From: Michal Hocko <mhocko@suse.cz>
To: Jeff Liu <jeff.liu@oracle.com>
Cc: linux-mm@kvack.org, cgroups@vger.kernel.org,
Glauber Costa <glommer@parallels.com>
Subject: Re: [RFC PATCH 2/3] memcg: disable pages allocation for swap cgroup on system booting up
Date: Tue, 4 Dec 2012 12:17:21 +0100 [thread overview]
Message-ID: <20121204111721.GB1343@dhcp22.suse.cz> (raw)
In-Reply-To: <50BDB5FB.6080707@oracle.com>
On Tue 04-12-12 16:36:11, Jeff Liu wrote:
> - Disable pages allocation for swap cgroup at system boot up stage.
> - Perform page allocation if there have child memcg alive, because the user
> might disabled one/more swap files/partitions for some reason.
> - Introduce a couple of helpers to deal with page allocation/free for swap cgroup.
> - Introduce a new static variable to indicate the status of child memcg create/remove.

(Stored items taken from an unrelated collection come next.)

(* Suppose there exist a symmetric matrix $B\in\mathbb{R}^{n^2\times n^2}$ with $B\ge0$ entrywise and $B\circ xx^{\top}=0$, and symmetric matrices $T,K,Z,H\in\mathbb{R}^{n\times n}$, such that the matrix $Q:=M-B-S$, where $S=T\otimes I_n+I_n\otimes K+J_n\otimes H+Z\otimes J_n$, satisfies $Qx=0$ and $Q\succeq c\,(I_{n^2}-n^{-1}xx^{\top})$ for some $c\ge0$. Then $X=xx^{\top}$ is a global minimizer of SDR I. If moreover $c>0$, then $xx^{\top}$ is the unique global minimizer of SDR I.
   Context: $A,\Delta\in\mathbb{R}^{n\times n}$ are symmetric, $C=A+\Delta$, $M=(I_n\otimes A-C\otimes I_n)^2$, $x=\mathrm{vec}(I_n)\in\mathbb{R}^{n^2}$ (column stacking), $J_n$ is the all-ones $n\times n$ matrix, $\otimes$ the Kronecker product, $\circ$ the Hadamard (entrywise) product. For $X\in\mathbb{R}^{n^2\times n^2}$, $X_{ij}$ denotes its $(i,j)$-th $n\times n$ block. SDR I is: minimize $\langle M,X\rangle$ over symmetric $X\in\mathbb{R}^{n^2\times n^2}$ subject to $X\succeq0$, $X\ge0$ entrywise, $\mathrm{Tr}(X_{ij})=\delta_{ij}$ and $\langle X_{ij},J_n\rangle=1$ for all $i,j$, $\sum_i X_{ii}=I_n$, $\sum_{i,j}X_{ij}=J_n$. *)

(* Kronecker product = tensmx from mathcomp-real-closed (mxtens),
   whose convention is the standard one: (A *t B)[(i,k),(j,l)] = A i j * B k l
   with row index i*n+k (mxtens_index (i,k)). *)
From HB Require Import structures.
From mathcomp Require Import all_boot all_order all_algebra.
From mathcomp Require Export mxtens.
Set Implicit Arguments. Unset Strict Implicit. Unset Printing Implicit Defensive.
Import Order.TTheory GRing.Theory Num.Theory.
Local Open Scope ring_scope.

Section SDR.
Variable R : realFieldType.

Definition symmx (m : nat) (A : 'M[R]_m) : Prop := A^T = A.

Definition psdmx (m : nat) (A : 'M[R]_m) : Prop :=
  symmx A /\ forall v : 'cV[R]_m, 0 <= (v^T *m A *m v) 0 0.

Definition loewner_ge (m : nat) (A B : 'M[R]_m) : Prop := psdmx (A - B).

Definition frob (m : nat) (A B : 'M[R]_m) : R := \sum_(i < m) \sum_(j < m) A i j * B i j.

Definition hadamard (m : nat) (A B : 'M[R]_m) : 'M[R]_m := map2_mx (fun a b => a * b) A B.

Definition Jmx (n : nat) : 'M[R]_n := const_mx 1.

(* column-stacking vectorization: entry (a,b) of A is at position b*n + a *)
Definition vecc (n : nat) (A : 'M[R]_n) : 'cV[R]_(n * n) :=
  \col_p A (mxtens_unindex p).2 (mxtens_unindex p).1.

This approach doesn't work (unless I missed something). See bellow.
> Signed-off-by: Jie Liu <jeff.liu@oracle.com>
> CC: Glauber Costa <glommer@parallels.com>
> CC: Michal Hocko <mhocko@suse.cz>
> CC: Kamezawa Hiroyuki <kamezawa.hiroyu@jp.fujitsu.com>
> CC: Johannes Weiner <hannes@cmpxchg.org>
> CC: Mel Gorman <mgorman@suse.de>
> CC: Andrew Morton <akpm@linux-foundation.org>
> ---
> include/linux/page_cgroup.h | 12 +++++
> mm/page_cgroup.c | 109 ++++++++++++++++++++++++++++++++++++++-----
> 2 files changed, 110 insertions(+), 11 deletions(-)
>
> diff --git a/include/linux/page_cgroup.h b/include/linux/page_cgroup.h
> index 777a524..2b94fc0 100644
> --- a/include/linux/page_cgroup.h
> +++ b/include/linux/page_cgroup.h
> @@ -113,6 +113,8 @@ extern unsigned short swap_cgroup_record(swp_entry_t ent, unsigned short id);
> extern unsigned short lookup_swap_cgroup_id(swp_entry_t ent);
> extern int swap_cgroup_swapon(int type, unsigned long max_pages);
> extern void swap_cgroup_swapoff(int type);
> +extern int swap_cgroup_init(void);
> +extern void swap_cgroup_destroy(void);
> #else
>
> static inline
> @@ -138,6 +140,16 @@ static inline void swap_cgroup_swapoff(int type)
> return;
> }
>
> +static inline int swap_cgroup_init(void)
> +{
> + return 0;
> +}
> +
> +static inline void swap_cgroup_destroy(void)
> +{
> + return;
> +}
> +
> #endif /* CONFIG_MEMCG_SWAP */
>
> #endif /* !__GENERATING_BOUNDS_H */
> diff --git a/mm/page_cgroup.c b/mm/page_cgroup.c
> index 76b1344..f1b257b 100644
> --- a/mm/page_cgroup.c
> +++ b/mm/page_cgroup.c
> @@ -321,8 +321,8 @@ void __meminit pgdat_page_cgroup_init(struct pglist_data *pgdat)
>
> static DEFINE_MUTEX(swap_cgroup_mutex);
> struct swap_cgroup_ctrl {
> - struct page **map;
> - unsigned long length;
> + struct page **map;
> + unsigned long length;
> spinlock_t lock;
No need to play with whitespaces here. It is only distracting.
> };
>
> @@ -410,6 +410,8 @@ static struct swap_cgroup *lookup_swap_cgroup(swp_entry_t ent,
> return sc + offset % SC_PER_PAGE;
> }
>
> +static atomic_t swap_cgroup_initialized = ATOMIC_INIT(0);
The name is a bit confusing. Maybe something like memsw_accounting_users?
> +
> /**
> * swap_cgroup_cmpxchg - cmpxchg mem_cgroup's id for this swp_entry.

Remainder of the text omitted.